Build a collaborative whiteboard with low-latency drawing sync and conflict-resilient state.
Quick take: Use local-first drawing with server reconciliation. / Model stroke stream with snapshot + delta recovery.
Production notes: Persist periodic snapshots for fast room hydration. / Backpressure high-frequency events on constrained networks.
TL;DR
Render strokes locally first, sync deltas over low-latency transport, and recover state from snapshot plus operation log.
Steel thread
Draw one stroke, broadcast to collaborator, undo action, and recover identical canvas after reconnect.
C - Collect
- What maximum collaboration room size should V1 support?
- Is strict ordering needed across all tool types?

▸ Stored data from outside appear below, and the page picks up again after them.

(* For a positive integer $k$ and $\theta>0$, define $g_k(\theta)=\frac{-ke^{-\theta}}{(1-e^{-\theta})^2}+\sum_{j=1}^{k}\frac{j^2e^{-\theta j}}{(1-e^{-\theta j})^2}$. Then $g_k$ is non-positive and increasing in $\theta$ for $\theta>4\ln(2)$. Additionally, $g_k$ is decreasing in $k$. *)

From Stdlib Require Import Reals.
Open Scope R_scope.

Fixpoint sum_1_to (f : nat -> R) (k : nat) : R :=
  match k with
  | O => 0
  | S k' => sum_1_to f k' + f (S k')
  end.

Definition g (k : nat) (theta : R) : R :=
  - INR k * exp (- theta) / (1 - exp (- theta)) ^ 2
  + sum_1_to (fun j => (INR j) ^ 2 * exp (- theta * INR j)
                         / (1 - exp (- theta * INR j)) ^ 2) k.

(** Write the j-th summand of [g k] as [F j θ] ([g_summand]) with
    [F j θ = j² e^{-jθ} / (1 - e^{-jθ})² = (j / (2 sinh (jθ/2)))²], so that
    [g k θ = Σ_{j=1}^{k} (F j θ - F 1 θ)].  Superlinearity of [sinh] on
    [[0, ∞)], [j sinh a <= sinh (j a)], gives [F j <= F 1]: hence [g k <= 0]
    and [g (k+1) - g k = F (k+1) - F 1 <= 0].  For monotonicity in θ it
    suffices that [F j - F 1] is nondecreasing.  With [x = e^{-θ}],
    [-∂θ F j = j³ ψ(x^j)] where [ψ u = u (1 + u) / (1 - u)³] is nondecreasing;
    since [j³ <= 16^(j-1)], the condition [x < 1/16] (i.e. [θ > 4 ln 2]) gives
    [j³ x^j <= x], hence [j³ ψ(x^j) <= ψ(x)]. *)

From Stdlib Require Import Reals Lra Lia Psatz.
From Coquelicot Require Import Coquelicot.
Open Scope R_scope.

Lemma sum_1_to_le (f1 f2 : nat -> R) (k : nat) :
  (forall j, f1 (S j) <= f2 (S j)) -> sum_1_to f1 k <= sum_1_to f2 k.
Proof. intros H; induction k as [|k IH]; simpl; [lra | specialize (H k); lra]. Qed.

Lemma sum_1_to_nonpos (f : nat -> R) (k : nat) :
  (forall j, f (S j) <= 0) -> sum_1_to f k <= 0.
Proof. intros H; induction k as [|k IH]; simpl; [lra | specialize (H k); lra]. Qed.

Lemma sum_1_to_sub_const (f : nat -> R) (c : R) (k : nat) :
  sum_1_to (fun j => f j - c) k = sum_1_to f k - INR k * c.
Proof.
  induction k as [|k IH]; simpl sum_1_to; [simpl; ring |].
  rewrite IH, S_INR; ring.
Qed.

Lemma sinh_plus x y : sinh (x + y) = sinh x * cosh y + cosh x * sinh y.
Proof. unfold sinh, cosh; rewrite Ropp_plus_distr, !exp_plus; field. Qed.

Lemma cosh_ge_1 x : 1 <= cosh x.
Proof.
  unfold cosh; rewrite exp_Ropp.
  pose proof (exp_pos x) as He; set (e := exp x) in *.
  replace ((e + / e) / 2) with (1 + (e - 1) ^ 2 * / (2 * e)) by (field; lra).
  assert (0 <= (e - 1) ^ 2 * / (2 * e)) by (apply Rle_mult_inv_pos; [apply pow2_ge_0 | lra]).
  lra.
Qed.

Lemma sinh_nonneg x : 0 <= x -> 0 <= sinh x.
Proof.
  intros [Hx | <-].
  - rewrite <- sinh_0; left; now apply sinh_lt.
  - rewrite sinh_0; lra.
Qed.

Lemma sinh_superlinear (n : nat) (a : R) :
  0 <= a -> INR n * sinh a <= sinh (INR n * a).
Proof.
  intros Ha; induction n as [|n IH].
  - simpl; rewrite !Rmult_0_l, sinh_0; lra.
  - replace (INR (S n) * a) with (INR n * a + a) by (rewrite S_INR; ring).
    rewrite sinh_plus, S_INR.
    pose proof (cosh_ge_1 a); pose proof (cosh_ge_1 (INR n * a)).
    pose proof (sinh_nonneg a Ha).
    pose proof (sinh_nonneg (INR n * a) (Rmult_le_pos _ _ (pos_INR n) Ha)).
    nra.
Qed.

Lemma exp_neg_div_sinh s :
  0 < s -> exp (- s) / (1 - exp (- s)) ^ 2 = / (2 * sinh (s / 2)) ^ 2.
Proof.
  intros Hs; unfold sinh; rewrite (exp_Ropp (s / 2)).
  replace (exp (- s)) with (/ (exp (s / 2) * exp (s / 2)))
    by (rewrite <- exp_plus, <- exp_Ropp; f_equal; lra).
  assert (1 < exp (s / 2)) by (rewrite <- exp_0; apply exp_increasing; lra).
  field; split; nra.
Qed.

Definition g_summand (n : nat) (t : R) : R :=
  INR n ^ 2 * exp (- t * INR n) / (1 - exp (- t * INR n)) ^ 2.

Lemma g_eq_sum_sub_first k t :
  g k t = sum_1_to (fun j => g_summand j t - g_summand 1 t) k.
Proof.
  rewrite sum_1_to_sub_const.
  unfold g, g_summand; simpl INR; rewrite Rmult_1_r.
  unfold Rdiv; ring.
Qed.

Lemma g_summand_sinh n t :
  (1 <= n)%nat -> 0 < t -> g_summand n t = (INR n / (2 * sinh (INR n * t / 2))) ^ 2.
Proof.
  intros Hn Ht.
  assert (Hnt : 0 < INR n * t) by (apply Rmult_lt_0_compat; [apply lt_0_INR; lia | lra]).
  assert (0 < sinh (INR n * t / 2)) by (rewrite <- sinh_0; apply sinh_lt; lra).
  unfold g_summand; replace (- t * INR n) with (- (INR n * t)) by ring.
  rewrite <- Rmult_div_assoc, (exp_neg_div_sinh _ Hnt).
  field; lra.
Qed.

Lemma g_summand_le_first n t : (1 <= n)%nat -> 0 < t -> g_summand n t <= g_summand 1 t.
Proof.
  intros Hn Ht; rewrite !g_summand_sinh by (lia || lra).
  change (INR 1) with 1; rewrite Rmult_1_l.
  assert (Hs1 : 0 < sinh (t / 2)) by (rewrite <- sinh_0; apply sinh_lt; lra).
  pose proof (sinh_superlinear n (t / 2) ltac:(lra)) as Hsup.
  replace (INR n * (t / 2)) with (INR n * t / 2) in Hsup by field.
  assert (1 <= INR n) by (apply (le_INR 1); lia).
  apply pow_incr; split.
  - apply Rle_mult_inv_pos; nra.
  - apply Rmult_le_reg_r with (2 * sinh (INR n * t / 2) * (2 * sinh (t / 2))); [nra |].
    field_simplify; nra.
Qed.

Definition psi (u : R) : R := u * (1 + u) / (1 - u) ^ 3.

Definition g_summand_deriv (n : nat) (t : R) : R :=
  - INR n ^ 3 * psi (exp (- t * INR n)).

Lemma exp_neg_mul_INR t n : exp (- t * INR n) = exp (- t) ^ n.
Proof.
  induction n as [|n IH]; [simpl; rewrite Rmult_0_r; apply exp_0 |].
  rewrite S_INR, Rmult_plus_distr_l, Rmult_1_r, exp_plus, IH; simpl; ring.
Qed.

Lemma g_summand_derivable n t :
  (1 <= n)%nat -> 0 < t -> derivable_pt_lim (g_summand n) t (g_summand_deriv n t).
Proof.
  intros Hn Ht; apply is_derive_Reals; unfold g_summand, g_summand_deriv, psi.
  assert (exp (- t * INR n) < 1).
  { rewrite <- exp_0; apply exp_increasing.
    assert (1 <= INR n) by (apply (le_INR 1); lia); nra. }
  auto_derive.
  - apply Rmult_integral_contrapositive_currified; [lra |].
    apply Rmult_integral_contrapositive_currified; lra.
  - field; lra.
Qed.

Lemma succ_cube_le_pow16 j : INR (S j) ^ 3 <= 16 ^ j.
Proof.
  induction j as [|j IH]; [simpl; lra |].
  change (16 ^ S j) with (16 * 16 ^ j).
  rewrite !S_INR in *; pose proof (pos_INR j).
  assert ((INR j + 1 + 1) ^ 3 <= 16 * (INR j + 1) ^ 3) by nra.
  lra.
Qed.

Lemma psi_pow_le x j : 0 < x <= / 16 -> INR (S j) ^ 3 * psi (x ^ S j) <= psi x.
Proof.
  intros Hx; unfold psi.
  assert (Hcube : INR (S j) ^ 3 * x ^ j <= 1).
  { apply Rle_trans with (16 ^ j * (/ 16) ^ j).
    - apply Rmult_le_compat; [apply pow_le, pos_INR | apply pow_le; lra |
                              apply succ_cube_le_pow16 | apply pow_incr; lra].
    - rewrite <- Rpow_mult_distr, Rinv_r, pow1 by lra; lra. }
  assert (Hxj : 0 < x ^ j <= 1).
  { split; [apply pow_lt; lra |].
    rewrite <- (pow1 j); apply pow_incr; lra. }
  change (x ^ S j) with (x * x ^ j); set (u := x * x ^ j).
  assert (Hu : 0 < u <= x) by (unfold u; split; nra).
  replace (INR (S j) ^ 3 * (u * (1 + u) / (1 - u) ^ 3))
    with (INR (S j) ^ 3 * x ^ j * (x * (1 + u) / (1 - u) ^ 3))
    by (unfold u, Rdiv; ring).
  assert (0 < (1 - x) ^ 3) by (apply pow_lt; lra).
  assert ((1 - x) ^ 3 <= (1 - u) ^ 3) by (apply pow_incr; lra).
  apply Rle_trans with (x * (1 + u) / (1 - u) ^ 3).
  - assert (0 <= x * (1 + u) / (1 - u) ^ 3) by (apply Rle_mult_inv_pos; nra).
    nra.
  - apply Rmult_le_compat; [nra | apply Rlt_le, Rinv_0_lt_compat; lra | nra |].
    now apply Rinv_le_contravar.
Qed.

Lemma exp_neg_lt_inv16 c : 4 * ln 2 < c -> exp (- c) < / 16.
Proof.
  intros Hc; replace (/ 16) with (exp (ln (/ 16))) by (apply exp_ln; lra).
  apply exp_increasing; rewrite ln_Rinv by lra.
  replace 16 with (2 ^ 4) by ring; rewrite ln_pow by lra.
  simpl INR; lra.
Qed.

Lemma g_summand_deriv_ge_first n c :
  (1 <= n)%nat -> 4 * ln 2 < c -> g_summand_deriv 1 c <= g_summand_deriv n c.
Proof.
  intros Hn Hc; destruct n as [|j]; [lia |].
  pose proof (exp_pos (- c)); pose proof (exp_neg_lt_inv16 c Hc).
  pose proof (psi_pow_le (exp (- c)) j ltac:(lra)).
  unfold g_summand_deriv; rewrite !exp_neg_mul_INR.
  change (INR 1) with 1; rewrite pow1, pow_1.
  lra.
Qed.

Lemma g_summand_sub_first_nondecreasing n t1 t2 :
  (1 <= n)%nat -> 4 * ln 2 < t1 -> t1 <= t2 ->
  g_summand n t1 - g_summand 1 t1 <= g_summand n t2 - g_summand 1 t2.
Proof.
  intros Hn H1 [H2 | <-]; [| lra].
  pose proof ln_lt_2.
  destruct (MVT_cor2 (fun t => g_summand n t - g_summand 1 t)
              (fun t => g_summand_deriv n t - g_summand_deriv 1 t) t1 t2 H2)
    as [c [Hc1 Hc2]].
  { intros c Hc; apply derivable_pt_lim_minus; apply g_summand_derivable; lia || lra. }
  assert (g_summand_deriv 1 c <= g_summand_deriv n c)
    by (apply g_summand_deriv_ge_first; lia || lra).
  assert (0 <= (g_summand_deriv n c - g_summand_deriv 1 c) * (t2 - t1))
    by (apply Rmult_le_pos; lra).
  lra.
Qed.

Theorem mainTheorem5 :
  (forall (k : nat) (theta : R), (1 <= k)%nat -> 4 * ln 2 < theta ->
     g k theta <= 0) /\
  (forall (k : nat) (t1 t2 : R), (1 <= k)%nat -> 4 * ln 2 < t1 -> t1 <= t2 ->
     g k t1 <= g k t2) /\
  (forall (k : nat) (theta : R), (1 <= k)%nat -> 0 < theta ->
     g (S k) theta <= g k theta).
Proof.
  pose proof ln_lt_2.
  split; [| split].
  - intros k t _ Ht; rewrite g_eq_sum_sub_first.
    apply sum_1_to_nonpos; intros j.
    assert (g_summand (S j) t <= g_summand 1 t) by (apply g_summand_le_first; lia || lra).
    lra.
  - intros k t1 t2 _ H1 H2; rewrite !g_eq_sum_sub_first.
    apply sum_1_to_le; intros j.
    apply g_summand_sub_first_nondecreasing; lia || lra.
  - intros k t _ Ht; rewrite !g_eq_sum_sub_first; simpl sum_1_to.
    assert (g_summand (S k) t <= g_summand 1 t) by (apply g_summand_le_first; lia || lra).
    lra.
Qed.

- Which non-pointer interactions are required for accessibility?
C - Component structure
WhiteboardPage coordinates room and connection state.

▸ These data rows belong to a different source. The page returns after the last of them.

Lemma sum_Delta_linear B k a b : bilinear_op B ->
  \sum_(p <- Delta (k *: a + b)) B p.1 p.2 =
  k *: \sum_(p <- Delta a) B p.1 p.2 + \sum_(p <- Delta b) B p.1 p.2.
Proof.
move=> hB.
rewrite (teq_sum_bilinear (s := [seq (k *: p.1, p.2) | p <- Delta a] ++ Delta b)) //.
  rewrite big_cat big_map scaler_sumr /=; congr (_ + _).
  by apply: eq_bigr => p _; rewrite bilinear_opZl.
move=> f g hf hg; rewrite (Delta_lin bialg) // /tpair big_cat big_map mulr_sumr.
by congr (_ + _); apply: eq_bigr => p _; rewrite /= lin_functionalZ // mulrA.
Qed.

Lemma sum_Delta0 B : bilinear_op B -> \sum_(p <- Delta 0) B p.1 p.2 = 0.
Proof.
move=> hB; have := sum_Delta_linear 1 0 0 hB.
by rewrite !scale1r !addr0 -[LHS]addr0 => /addrI.
Qed.

Lemma sum_Delta_sum B I (r : seq I) (F : I -> A) : bilinear_op B ->
  \sum_(p <- Delta (\sum_(i <- r) F i)) B p.1 p.2
    = \sum_(i <- r) \sum_(p <- Delta (F i)) B p.1 p.2.
Proof.
move=> hB; elim: r => [|i r IH]; first by rewrite !big_nil sum_Delta0.
by rewrite !big_cons -[F i]scale1r sum_Delta_linear // IH !scale1r.
Qed.

Lemma sum_Delta_mul B a b : bilinear_op B ->
  \sum_(p <- Delta (a * b)) B p.1 p.2
    = \sum_(p <- Delta a) \sum_(q <- Delta b) B (p.1 * q.1) (p.2 * q.2).
Proof.
by move=> hB; rewrite (teq_sum_bilinear (Delta_mul bialg a b)) // big_allpairs_dep.
Qed.

Lemma counit_l_teq a t : teq (Delta a) t -> \sum_(p <- t) eps p.1 *: p.2 = a.
Proof.
move=> Dt; rewrite -(teq_sum_bilinear (B := fun x y => eps x *: y) Dt) ?counit_l //.
exact: bilinear_op_scale_left (eps_lin bialg).
Qed.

CanvasStage renders local and remote strokes.
ToolPanel manages drawing mode and undo/redo commands.
D - Data modeling
Stroke, Layer, Operation, and Snapshot entities.

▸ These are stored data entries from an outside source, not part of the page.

Lemma transitive_numbered : [transitive G, on S | to] ->
  [transitive numbered_morphism @* G, on [set: 'I_#|S|] | 'P].
Proof.
move=> trGS; pose i0 : 'I_#|S| := rank x0.
suff -> : [set: 'I_#|S|] = orbit 'P (numbered_morphism @* G) i0 by apply: atrans_orbit.
apply/setP=> j; rewrite inE; apply/esym/orbitP.
have [a aG Ea] := atransP2 trGS (enum_valP i0) (enum_valP j).
exists (numbered_perm a); first by rewrite -[numbered_perm a]/(numbered_morphism a) mem_morphim.
by apply: enum_val_inj; rewrite /= numbered_permE.
Qed.

End PermRepresentation.

Lemma perm_representation (aT : finGroupType) (rT : finType)
    (to : {action aT &-> rT}) (G : {group aT}) (S : {set rT}) (n : nat) :
  [acts G, on S | to] -> [faithful G, on S | to] -> [transitive G, on S | to] ->
  #|S| = n ->
  exists f : {morphism G >-> {perm 'I_n}},
    'injm f /\ [transitive f @* G, on [set: 'I_n] | 'P].
Proof.
move=> actsGS ffulGS trGS <-; have [x0 x0S _] := imsetP trGS.
exists (numbered_morphism x0S actsGS).
by rewrite injm_numbered // transitive_numbered.
Qed.

Lemma invg_invol (gT : finGroupType) (y : gT) : y * y = 1 -> y^-1 = y.
Proof. by move=> yy; apply/eqP; rewrite eq_invg_mul yy. Qed.

Lemma conj_invol (gT : finGroupType) (x y : gT) : y * y = 1 -> x ^ y = y * x * y.
Proof. by move=> /invg_invol yV; rewrite conjgE yV mulgA. Qed.

Lemma mulgKinv (gT : finGroupType) (x y : gT) : y * y = 1 -> x * y * y = x.
Proof. by move=> yy; rewrite -mulgA yy mulg1. Qed.

Lemma mulg_ctx3 (gT : finGroupType) (w x y z x' y' z' : gT) :
  x * y * z = x' * y' * z' -> w * x * y * z = w * x' * y' * z'.
Proof. by move=> E; rewrite -!mulgA; congr (w * _); rewrite !mulgA. Qed.

Lemma braid_of_order3 (gT : finGroupType) (x y : gT) :
  x * x = 1 -> y * y = 1 -> (x * y) ^+ 3 = 1 -> x * y * x = y * x * y.
Proof.
move=> xx yy xy3.
have E : x * y * x * (y * x * y) = 1 by rewrite -xy3 !expgS expg0 mulg1 !mulgA.
rewrite -(mulg1 (x * y * x)) -(mulgV (y * x * y)) mulgA E mul1g.
by rewrite !invMg !invg_invol // mulgA.
Qed.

- Keep append-only operation log with sequence numbers.
- Maintain per-user cursors/presence metadata separately from drawing model.
A - API design
GET /boards/:id/snapshot and GET /boards/:id/ops?since=...
- WebSocket event channels for
stroke.create, operation.undo, presence.update
POST /boards/:id/snapshot for periodic compaction.
O - Optimization
- Batch points into stroke segments to reduce network overhead.
- Use dirty-rectangle rendering for large canvases.
- Provide keyboard shortcuts and text alternatives for tool changes.
Pattern links
realtime-transport-sse-websocket-long-poll for event delivery trade-offs.
optimistic-ui-rollback for local-first drawing and conflict handling.
a11y-testing-strategy-dynamic-uis for non-visual collaboration support.
Failure modes
- Network jitter reorders operations and distorts final stroke shape.
- Snapshot compaction drops undo history unexpectedly.
- Presence and update announcements overwhelm assistive technologies.
Testing checklist
Testing + Accessibility Rubric
| Category | Level | Requirement | Done When |
|---|
| functional | unit | Incoming events respect sequence and dedupe semantics. | Out-of-order, duplicate, and missing event tests are all covered. |
| functional | integration | Reconnect path correctly hydrates snapshot and applies deltas. | Reconnect test proves no duplicate rows or missing updates. |
| a11y | integration | Live updates are announced without overwhelming screen readers. | Announcement batching and wording pass manual SR checks. |
| a11y | e2e | Focus remains stable when real-time updates occur. | Keyboard-only user can continue primary task uninterrupted. |
Explain it clearly
- Short version: local-first canvas, sequenced ops, reconnect via snapshot + delta.
- Longer version: conflict strategy, compaction policy, and collaboration a11y flow.
Production hardening notes
- Track op delivery latency, sequence-gap events, and reconnect time-to-consistency.
- Gate high-frequency collaboration features for low-end devices.